Using data from the nasaweather package, create a
scatterplot between wind and pressure, with color being used to
distinguish the type of storm.
From the below chart, we can see that wind and pressure tend to have an inverse relationship, meaning higher pressure tend to be associated with lower wind speed and lower pressure tend to be associated with higher wind speed. Among the four storm types, we find that Hurricane has the highest wind speed and lowest pressure on average; Tropical Depression has the highest pressure and lowest wind speed on average; then Extratropical and Tropical Storm have middling pressure and wind speed.
storms <- storms
ggplot(storms, aes(x = wind, y = pressure, color = type)) +
theme_bw() +
geom_point() +
labs(title = "Scatterplot of Wind vs Pressure", x = "Wind", y = "Pressure")

ggsave("scatter1.png")
knitr::include_graphics("scatter1.png")
Use the MLB_teams data in the mdsr package
to create an informative data graphic that illustrates the relationship
between winning percentage and payroll in context.
The below scatterplot plots Winning Percentage vs Payroll and overlays a best fitted line using simple linear regression on top of it along with standard error bands. Since the slope of the best fitted line is positive, there seems to be a positive relationship between winning percentage and payroll, meaning the players who have a higher winning percentage get to be paid higher.
MLB <- MLB_teams
ggplot(MLB, aes(x = WPct, y = payroll)) +
theme_bw() +
geom_point() +
geom_smooth(method = 'lm', se = TRUE) +
labs(title = "Scatterplot of Winning Percentage vs Payroll", x = "Winning Percentage", y = "Payroll")
# ggsave("scatter2.png")
# knitr::include_graphics("scatter2.png")
The RailTrail data set from the mosaicData
package describes the usage of a rail trail in Western Massachusetts.
Use these data to answer the following questions.
volume against the high temperature that dayweekday (an indicator
of weekend/holiday vs. weekday)Based on the scatterplot of Volume vs High Temperature, there seems to be a positive relationship between volume and highest temperature during a day for both weekdays and weekends.
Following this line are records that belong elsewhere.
(* T is a spanning tree of (V, F): T is a connected spanning subgraph which is
   acyclic (no edge of T lies on a cycle of T, i.e. its endpoints are
   disconnected in T minus that edge; this also excludes loops). *)
Definition spanning_tree (F T : {set E}) : bool :=
  [&& T \subset F, connectedb T &
      [forall e in T, ~~ connect (adj (T :\ e)) (ends e).1 (ends e).2]].

Variable R : realFieldType.
Variable w : E -> R.

Definition weight (T : {set E}) : R := \sum_(e in T) w e.

(* MST(V,F): minimum weight of a spanning tree, +oo if (V,F) is disconnected *)
Definition MST (F : {set E}) : \bar R :=
  \big[Order.min/+oo%E]_(T : {set E} | spanning_tree F T) (weight T)%:E.

Definition is_MST (F T : {set E}) : Prop :=
  spanning_tree F T /\
  forall T' : {set E}, spanning_tree F T' -> weight T <= weight T'.

Definition profit (D : {set E}) : \bar R := (MST (~: D) - MST setT)%E.

Definition crosses (S : {set V}) (e : E) : bool :=
  ((ends e).1 \in S) != ((ends e).2 \in S).
Definition cut (S : {set V}) : {set E} := [set e | crosses S e].
Definition pcut (S : {set V}) (W : R) : {set E} :=
  [set e | crosses S e & w e < W].

End Graphs.

(* The counter process on the vertex set Vc of the contracted graph.
   L i, R i : the two sides at step i (0-based). *)
Section Counters.
Variables (Vc : finType) (L Rs : nat -> {set Vc}).

Definition kset (k : Vc -> nat) (S : {set Vc}) : nat := (\max_(A in S) k A)%N.

Definition Xsel (k : Vc -> nat) (i : nat) : {set Vc} :=
  if (kset k (L i) <= kset k (Rs i))%N then L i else Rs i.

Fixpoint kstate (i : nat) : Vc -> nat :=
  match i with
  | 0 => fun _ => 0%N
  | i'.+1 => fun A => (kstate i' A + (A \in Xsel (kstate i') i'))%N
  end.

Definition Xstep (i : nat) : {set Vc} := Xsel (kstate i) i.

End Counters.

From HB Require Import structures.
From mathcomp Require Import all_boot all_order all_algebra.
From mathcomp Require Import constructive_ereal ring lra.
Import Order.TTheory GRing.Theory Num.Theory.
Local Open Scope ring_scope.

Set Implicit Arguments. Unset Strict Implicit. Unset Printing Implicit Defensive.

(* Since [T'_cc] spans [G'_cc], the edges of [T \ F] together with [T'_cc]
   span [G'], so [Delta <= w(T'_cc) - w(T \cap F)].  After contracting the
   components of [T \ F], the edges of [T \cap F] connect all the [A_j].  Insert
   [e'_1, e'_2, ...] into this graph one at a time, each time removing an edge
   [h_i] of [T \cap F] that crosses [X_i]: one exists, and connectivity is kept,
   because [X_i] is a component of the forest [e'_1 ... e'_(i-1)] which [e'_i]
   leaves.  The [h_i] are distinct, and by the cut property of [T] we get
   [p_G(C_i) >= w(e'_i) - w(h_i)]; summing gives the bound.  Neither the order
   of the [e'_i] nor the counter rule choosing [X_i] among [L_i, R_i] matters. *)

Section Connectivity.
Variables (V E : finType) (ends : E -> V * V).
Implicit Types (S : {set E}) (X : {set V}).
(* Let $U$ be a finite nonempty set, $R$ an equivalence relation on $U$, and $M(R)$ the support matroid induced by $R$. Then the family of closed sets of $M(R)$ is $$\mathbf{L}(R)=\Big\{X\subseteq U : \bigcup_{x\in X} RN(x)=X\Big\}.$$
   Context: For $x\in U$, $RN(x)=\{y\in U\mid xRy\}$; $R^{*}(X)=\{x\in U\mid RN(x)\cap X\neq\emptyset\}$. Let $\mathbf{S}(R)=\{X\subseteq U\mid R^{*}(X)=U\}$. The support matroid $M(R)=(U,\mathbf{I}(R))$ is the matroid on $U$ whose independent sets $\mathbf{I}(R)$ are the subsets of inclusion-minimal members of $\mathbf{S}(R)$. For a matroid $(U,\mathbf{I})$, the rank is $r(X)=\max\{|I|\mid I\subseteq X, I\in\mathbf{I}\}$, the closure is $cl(X)=\{e\in U\mid r(X)=r(X\cup\{e\})\}$, and $X$ is closed if $cl(X)=X$. *)

From mathcomp Require Import all_boot.
Set Implicit Arguments. Unset Strict Implicit. Unset Printing Implicit Defensive.

Section SupportMatroid.
Variables (U : finType) (R : rel U).

Definition RN (x : U) : {set U} := [set y | R x y].

Definition Rstar (X : {set U}) : {set U} := [set x | RN x :&: X != set0].

Definition SR (X : {set U}) : bool := Rstar X == setT.

Definition indepR (I : {set U}) : bool :=
  [exists X : {set U}, minset SR X && (I \subset X)].

Definition rankR (X : {set U}) : nat :=
  \max_(I : {set U} | (I \subset X) && indepR I) #|I|.

Definition clR (X : {set U}) : {set U} :=
  [set e | rankR X == rankR (e |: X)].

Definition closedR (X : {set U}) : bool := clR X == X.

End SupportMatroid.

From mathcomp Require Import all_boot.
Set Implicit Arguments. Unset Strict Implicit. Unset Printing Implicit Defensive.

(* For an equivalence [R], the minimal members of [S(R)] are the transversals of
   the classes, so the independent sets are the partial transversals (sets
   meeting each class at most once). Hence the rank of [X] is the number of
   classes meeting [X], and [e] lies in [cl(X)] exactly when the class of [e]
   already meets [X]: [cl(X)] is the union of the classes meeting [X], and [X]
   is closed iff it is a union of classes. *)

Section SupportMatroidOfEquivalence.
Variables (U : finType) (R : rel U).
Hypotheses (Rrefl : reflexive R) (Rsym : symmetric R) (Rtrans : transitive R).

Lemma RN_rel x y : R x y -> RN R x = RN R y.
Proof.
move=> Rxy; apply/setP => z; rewrite !inE.
apply/idP/idP => [Rxz | Ryz]; last exact: Rtrans Ryz.
by rewrite Rsym in Rxy; exact: Rtrans Rxy Rxz.
Qed.

Lemma eqRN x y : (RN R x == RN R y) = R x y.
Proof.
apply/eqP/idP => [E | /RN_rel //].
have : y \in RN R y by rewrite inE.
by rewrite -E inE.
Qed.

Lemma SRP (X : {set U}) : reflect (forall z, exists2 w, w \in X & R z w) (SR R X).
Proof.
apply: (iffP eqP) => [E z | H].
- have : z \in Rstar R X by rewrite E inE.
  by rewrite inE => /set0Pn [w]; rewrite !inE => /andP [Rzw wX]; exists w.
- apply/setP => z; rewrite !inE; apply/set0Pn.
  by have [w wX Rzw] := H z; exists w; rewrite !inE Rzw wX.
Qed.

Definition ptransversal (I : {set U}) : Prop := {in I &, forall x y, R x y -> x = y}.

Lemma card_RN_ptransversal (I : {set U}) : ptransversal I -> #|RN R @: I| = #|I|.
Proof. by move=> PI; apply: card_in_imset => x y xI yI /eqP; rewrite eqRN; apply: PI. Qed.

(* A representative of the class of [x] chosen inside [A]; junk value [x] when
   the class does not meet [A]. *)
Definition crep (A : {set U}) (x : U) : U := odflt x [pick y in A | R x y].

Lemma crepP (A : {set U}) x : x \in A -> (crep A x \in A) && R x (crep A x).
Proof. by move=> xA; rewrite /crep; case: pickP => [// | /(_ x)]; rewrite xA Rrefl. Qed.

Lemma crep_rel (A : {set U}) x y : x \in A -> R x y -> crep A x = crep A y.
Proof.
move=> xA Rxy; rewrite /crep (eq_pick (Q := [pred z | (z \in A) && R y z])).
  by case: pickP => [// | /(_ x)] /=; rewrite xA Rsym Rxy.
by move=> z /=; have /setP/(_ z) := RN_rel Rxy; rewrite !inE => ->.
Qed.

Lemma crep_transversal (A : {set U}) :
  [/\ crep A @: A \subset A, ptransversal (crep A @: A) & RN R @: (crep A @: A) = RN R @: A].
Proof.
split.
- by apply/subsetP => _ /imsetP [x xA ->]; case/andP: (crepP xA).
- move=> _ _ /imsetP [x xA ->] /imsetP [y yA ->] Rxy'.
  case/andP: (crepP xA) => _ Rx; case/andP: (crepP yA) => _ Ry.
  apply: crep_rel => //; apply: Rtrans Rx _; apply: Rtrans Rxy' _; by rewrite Rsym.
- rewrite -imset_comp; apply: eq_in_imset => x xA /=.
  by apply/esym/RN_rel; case/andP: (crepP xA).
Qed.

Lemma ptransversal_minset (X : {set U}) : SR R X -> ptransversal X -> minset (SR R) X.
Proof.
move=> SX PX; apply/minsetP; split => // B /SRP SB sBX.
apply/eqP; rewrite eqEsubset sBX /=; apply/subsetP => y yX.
have [w wB Ryw] := SB y.
by rewrite (PX y w yX (subsetP sBX _ wB) Ryw).
Qed.

(* Removing [y] keeps [X] in [S(R)] whenever another element [x] of its class stays. *)
Lemma minset_ptransversal (X : {set U}) : minset (SR R) X -> ptransversal X.
Proof.
move=> /minsetP [/SRP SX minX] x y xX yX Rxy; apply/eqP/contraT => nxy.
suff : y \in X :\ y by rewrite !inE eqxx.
rewrite (minX (X :\ y)) ?subsetDl //; apply/SRP => z.
have [w wX Rzw] := SX z; case: (eqVneq w y) => [Ewy | nwy].
- exists x; first by rewrite !inE nxy xX.
  by apply: Rtrans Rzw _; rewrite Ewy Rsym.
- by exists w; rewrite // !inE nwy.
Qed.

Lemma indepR_ptransversal (I : {set U}) : indepR R I <-> ptransversal I.
Proof.
rewrite /indepR; split.
  case/existsP => X /andP [/minset_ptransversal PX /subsetP sIX].
  by move=> x y xI yI; apply: PX; apply: sIX.
(* Extend [I] by one representative of each class that [I] misses. *)
move=> PI; pose A := ~: Rstar R I.
have [sTA PT _] := crep_transversal A.
apply/existsP; exists (I :|: crep A @: A); rewrite subsetUl andbT.
apply: ptransversal_minset.
  apply/SRP => z; case: (boolP (z \in A)) => [zA | ].
    case/andP: (crepP zA) => _ Rzc.
    by exists (crep A z) => //; rewrite inE imset_f ?orbT.
  rewrite inE negbK inE => /set0Pn [w]; rewrite !inE => /andP [Rzw wI].
  by exists w; rewrite // inE wI.
have cross x y : x \in I -> y \in crep A @: A -> R x y -> False.
  move=> xI /(subsetP sTA); rewrite !inE negbK => /eqP/setP/(_ x).
  by rewrite !inE xI andbT Rsym => ->.
move=> x y; rewrite !inE => /orP [xI | xT] /orP [yI | yT] Rxy.
- exact: PI.
- by case: (cross x y).
- by case: (cross y x); rewrite // Rsym.
- exact: PT.
Qed.

Lemma rankR_classes (X : {set U}) : rankR R X = #|RN R @: X|.
Proof.
apply/eqP; rewrite eqn_leq; apply/andP; split.
  apply/bigmax_leqP => I /andP [sIX /indepR_ptransversal PI].
  by rewrite -card_RN_ptransversal // subset_leq_card // imsetS.
have [sTX PT <-] := crep_transversal X.
rewrite card_RN_ptransversal //.
by apply: (leq_bigmax_cond (F := fun I : {set U} => #|I|)); rewrite sTX; apply/indepR_ptransversal.
Qed.

Lemma clR_classes (X : {set U}) : clR R X = \bigcup_(x in X) RN R x.
Proof.
apply/setP => e; rewrite inE !rankR_classes imsetU1 cardsU1 -{1}[#|_|]add0n eqn_add2r eq_sym.
rewrite eqb0 negbK; apply/imsetP/bigcupP => [[x xX /eqP] | [x xX]].
- by rewrite eqRN => Rex; exists x; rewrite // inE Rsym.
- by rewrite inE => Rxe; exists x => //; apply/RN_rel; rewrite Rsym.
Qed.

End SupportMatroidOfEquivalence.

Theorem proposition9 (U : finType) (R : rel U)
  (U_nonempty : 0 < #|U|)
  (Rrefl : reflexive R) (Rsym : symmetric R) (Rtrans : transitive R) :
  forall X : {set U},
    closedR R X <-> \bigcup_(x in X) RN R x = X.
Proof. by move=> X; rewrite /closedR clR_classes //; split => [/eqP | ->]. Qed.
In addition, this relationship is more positive (slope is steeper) on weekdays compared to weekends.
railtrail <- RailTrail
ggplot(railtrail, aes(x = volume, y = hightemp, color = weekday)) +
theme_bw() +
geom_point() +
geom_smooth(method = 'lm', se = FALSE) +
labs(title = "Scatterplot of Volume vs High Temperature", x = "Volume", y = "High Temperature")

ggsave("scatter3.png")
knitr::include_graphics("scatter3.png")
Using data from the nasaweather package, use the
geom_path function to plot the path of each tropical storm
in the storms data table. Use color to distinguish the
storms from one another, and use faceting to plot each year in its own
panel.
In the graph below, we plotted the path of each storm by their longitude
and latitude locations across time, and faceted the data into different
panel by year. It looks like most storms tend to go from southwest to
northeast.
ggplot(storms, aes(x=lat, y=long)) +
geom_path(aes(col=name)) +
facet_wrap(~year)

ggsave("path1.png")
knitr::include_graphics("path1.png")
Using the penguins data set from the
palmerpenguins package.
Create a scatterplot of bill_length_mm against bill_depth_mm
where individual species are colored and a regression line is added to
each species. Add regression lines to all of your facets. What do you
observe about the association of bill depth and bill length?
Based on the first scatterplot, bill length and bill depth are
positively associated for all three species, meaning the larger bill
length is, the larger bill depth is. It also looks like Chinstrap has
the steepest slope while Adelie as the flattest.
Repeat the same scatterplot but now separate your plot into
facets by species. How would you summarize the association between bill
depth and bill length.
Scatterplot 2 also shows that bill length and bill depth are positively
associated for all three species. On top of that, while Adelie and
Chinstrap have the same range for bill depth, Adelie has shorter bill
length than Chinstrap on average. Also, Chinstrap and Gentoo have the
same range for bill length, but Chinstrap has longer bill depth than
Gentoo on average.
penguins <- penguins
ggplot(penguins, aes(x = bill_length_mm, y = bill_depth_mm, color = species)) +
theme_bw() +
geom_point() +
geom_smooth(method = 'lm', se = FALSE) +
labs(title = "Scatterplot 1 of Bill Length vs Bill Depth", x = "Bill Length", y = "Bill Depth")

ggsave("scatter4.png")
knitr::include_graphics("scatter4.png")
ggplot(penguins, aes(x = bill_length_mm, y = bill_depth_mm)) +
theme_bw() +
geom_point(alpha = 0.5, color = "blue") +
geom_smooth(method = 'lm', se = FALSE) +
facet_wrap(~species) +
labs(title = "Scatterplot 2 of Bill Length vs Bill Depth", x = "Bill Length", y = "Bill Depth")

ggsave("scatter5.png")
knitr::include_graphics("scatter5.png")